Evaluation of the DAPC paper by Laurent
Excoffier on
the Faculty of 1000:
This paper elegantly combines a series of existing multivariate methods to detect the genetic structure of populations from genomic data. I found the validation of the methodology extremely convincing, as it shows that one can clearly recover very complex patterns and even hierarchical genetic structures.
The
authors propose the analysis of large genomic data sets by
combining
three model-free multivariate analysis techniques. The idea is
to
perform a discriminant analysis (DA) on genomic data, after the
main
axes of variation have been extracted by a principal component
(PC)
analysis, and genetic clusters of individuals have been
identified by a
sequential K-means and model selection method. The first use of
a PC
analysis solves two problems preventing the normal use of DA on
genomic
data. It reduces the number of genetic dimensions to a number
smaller
than that of the sampled individuals, and it ensures that
information
provided by each dimension is uncorrelated, thus removing
potential
effects of linkage disequilibrium. The Discriminant Analysis of
Principal Components (DAPC) is blazingly fast and allows one to
nicely
visualize the respective positions of clusters and individuals
in a
reduced number of dimensions. In a few simulated cases, the
resulting
clustering of the populations matched exactly the underlying
genetic
structure, even in complex cases with isolation by distance, or
when
there was a hierarchical structure of the clusters, which is
difficult
to recover by other multivariate analyses (see e.g. {1}).
Among a growing number of new multivariate techniques {1}, DAPC
seems
to be a very simple, robust, and useful tool for the finding and
the
visualization of clusters of individuals.

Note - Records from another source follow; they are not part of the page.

Definition cond_indep {dw} {Wt : measurableType dw} (P : probability Omega R)
  (X : Omega -> Xt) (Z : Omega -> Zt) (Wv : Omega -> Wt) : Prop :=
  forall (A : set Zt) (B : set Wt), measurable A -> measurable B ->
    exists f g : Xt -> R,
      [/\ cond_prob_version P X (Z @^-1` A) f,
          cond_prob_version P X (Wv @^-1` B) g &
          cond_prob_version P X ((Z @^-1` A) `&` (Wv @^-1` B)) (f \* g)].

Definition uniform_given (P : probability Omega R) (X : Omega -> Xt)
  (U : Omega -> R) : Prop :=
  forall (t : R) (C : set Xt), 0 <= t <= 1 -> measurable C ->
    P ([set w | U w <= t] `&` (X @^-1` C)) = (t%:E * P (X @^-1` C))%E.

(* (U,V) jointly continuously distributed (conditional on X): the joint law
   of (U,V) is absolutely continuous w.r.t. Lebesgue measure on R^2
   (equivalent to a.s. absolute continuity of the conditional law given X). *)
Definition jointly_continuous (P : probability Omega R) (U V : Omega -> R)
  : Prop :=
  forall N : set (R * R), measurable N ->
    ((@lebesgue_measure R) \x (@lebesgue_measure R))%E N = 0%E ->
    P ((fun w => (U w, V w)) @^-1` N) = 0%E.

Definition rcd_given (P : probability Omega R) (X : Omega -> Xt)
  (U : Omega -> R) (k : R.-pker (Xt * R)%type ~> Omega) : Prop :=
  forall (A : set Omega) (B : set (Xt * R)), measurable A -> measurable B ->
    P (A `&` ((fun w => (X w, U w)) @^-1` B)) =
    (\int[P]_(w in (fun w => (X w, U w)) @^-1` B) k (X w, U w) A)%E.

(* Pointwise conditional quantities, computed under mu = law given X=x,U=u. *)
Definition mY (mu : {measure set Omega -> \bar R}) (Q : bool -> Xt -> R)
  (X : Omega -> Xt) (V : Omega -> R) (Y : Omega -> R) (dd : bool) : R :=
  fine (\int[mu]_w (indR (sel Q X V dd w) * Y w)%:E)%E.

Definition mS (mu : {measure set Omega -> \bar R}) (Q : bool -> Xt -> R)
  (X : Omega -> Xt) (V : Omega -> R) (dd : bool) : R :=
  fine (mu [set w | sel Q X V dd w]).

Definition both_selected (Q : bool -> Xt -> R) (X : Omega -> Xt)
  (V : Omega -> R) : set Omega :=
  [set w | sel Q X V false w && sel Q X V true w].

Definition theta (mu : {measure set Omega -> \bar R}) (Q : bool -> Xt -> R)
  (X : Omega -> Xt) (V : Omega -> R) (Y1 : Omega -> R) : R :=
  fine (\int[mu]_(w in both_selected Q X V) (Y1 w)%:E)%E /
  fine (mu (both_selected Q X V)).

End Model.

Definition ylow {R : realType} (Ys : set R) : \bar R :=
  ereal_inf [set y%:E | y in Ys].
Definition yhigh {R : realType} (Ys : set R) : \bar R :=
  ereal_sup [set y%:E | y in Ys].

From HB Require Import structures.
From mathcomp Require Import all_boot all_order all_algebra.
From mathcomp Require Import all_classical all_reals all_analysis.
From mathcomp Require Import lra.
Import Order.TTheory GRing.Theory Num.Theory.
Import numFieldNormedType.Exports.
Local Open Scope classical_set_scope.
Local Open Scope ring_scope.

(** By (A8) selection is monotone in treatment, [S_0 = 1] implies [S_1 = 1],
    so the always-selected event [{S_0 = S_1 = 1}] is [{S_0 = 1}], and
    [{S_1 = 1}] is its disjoint union with the complier event
    [{S_1 = 1, S_0 = 0}], whose conditional mass is [Delta_S]. Hence
    [m_1^Y = theta m_0^S + E[Y_1^*; compliers]], and bounding [Y_1^*] on the
    complier event by the ends of its support bounds [theta]; bounding it on
    [{S_0 = 1}] gives the trivial bounds. *)

Section integral_bounds.
Context {R : realType} {d : measure_display} {T : measurableType d}
  (mu : {measure set T -> \bar R}) {A : set T}.
Hypotheses (mA : measurable A) (muA : (mu A < +oo)%E).

Lemma integrable_cst_finite (c : R) : mu.-integrable A (EFin \o cst c).
Proof.
apply/integrableP; split; first by rewrite (_ : EFin \o cst c = cst c%:E).
rewrite (eq_integral (cst `|c|%:E)) ?integral_cst //.
by rewrite lte_mul_pinfty ?lee_fin.
Qed.

Lemma Rintegral_ge_cst (f : T -> R) (c : R) :
  mu.-integrable A (EFin \o f) -> (forall x, A x -> c <= f x) ->
  c * fine (mu A) <= \int[mu]_(x in A) f x.
Proof.
move=> intf cf; rewrite -Rintegral_cst //.
by apply: le_Rintegral => //; exact: integrable_cst_finite.
Qed.

Lemma Rintegral_le_cst (f : T -> R) (c : R) :
  mu.-integrable A (EFin \o f) -> (forall x, A x -> f x <= c) ->
  \int[mu]_(x in A) f x <= c * fine (mu A).
Proof.
move=> intf fc; rewrite -Rintegral_cst //.
by apply: le_Rintegral => //; exact: integrable_cst_finite.
Qed.

End integral_bounds.

Section trimming_bounds.
Context {R : realType} {d : measure_display} {T : measurableType d}
  (mu : {measure set T -> \bar R}) {S0 S1 : set T} {f : T -> R}.
Hypotheses (mS0 : measurable S0) (mS1 : measurable S1) (S01 : S0 `<=` S1)
  (muS1 : (mu S1 < +oo)%E) (muS0_gt0 : 0 < fine (mu S0))
  (intf : mu.-integrable S1 (EFin \o f)).

Let mS10 : measurable (S1 `\` S0). Proof. exact: measurableD. Qed.

Let lty_sub {A : set T} : measurable A -> A `<=` S1 -> (mu A < +oo)%E.
Proof.
by move=> mA AS1; apply: le_lt_trans muS1; apply: le_measure; rewrite ?inE.
Qed.

Let intf_sub {A : set T} : measurable A -> A `<=` S1 ->
  mu.-integrable A (EFin \o f).
Proof. by move=> mA AS1; exact: integrableS intf. Qed.

Lemma fine_measure_subsetD :
  fine (mu S1) - fine (mu S0) = fine (mu (S1 `\` S0)).
Proof.
have fin A : measurable A -> A `<=` S1 -> mu A \is a fin_num.
  by move=> mA AS1; rewrite ge0_fin_numE ?measure_ge0 ?lty_sub.
by rewrite (measureDI mu mS1 mS0) (setIidr S01) fineD ?fin // addrK.
Qed.

Lemma Rintegral_subsetD :
  \int[mu]_(x in S1) f x =
  \int[mu]_(x in S0) f x + \int[mu]_(x in S1 `\` S0) f x.
Proof.
by rewrite -Rintegral_setU ?setDUK // /disj_set setDIK.
Qed.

When such clusters
make
little sense, like in admixture analysis for instance, a simple
PC
analysis may seem more appropriate {2}. While being a model-free
approach, DAPC efficiency in recovering true genetic structure
may be
due to the fact that principal components are actually related
to
demographic parameters via coalescence times {3}, making the
distinction between model-based and model-free approaches more
subtle
than previously anticipated.
References:
{1} Engelhardt and Stephens, PLoS Genet 2010, 6:e1001117 [PMID:20862358].
{2} Bryc et al. Proc Natl Acad Sci U S A 2010, 107(2):786-91 [PMID:20080753].
{3} McVean G. PLoS Genet 2009, 5:e1000686 [PMID:19834557].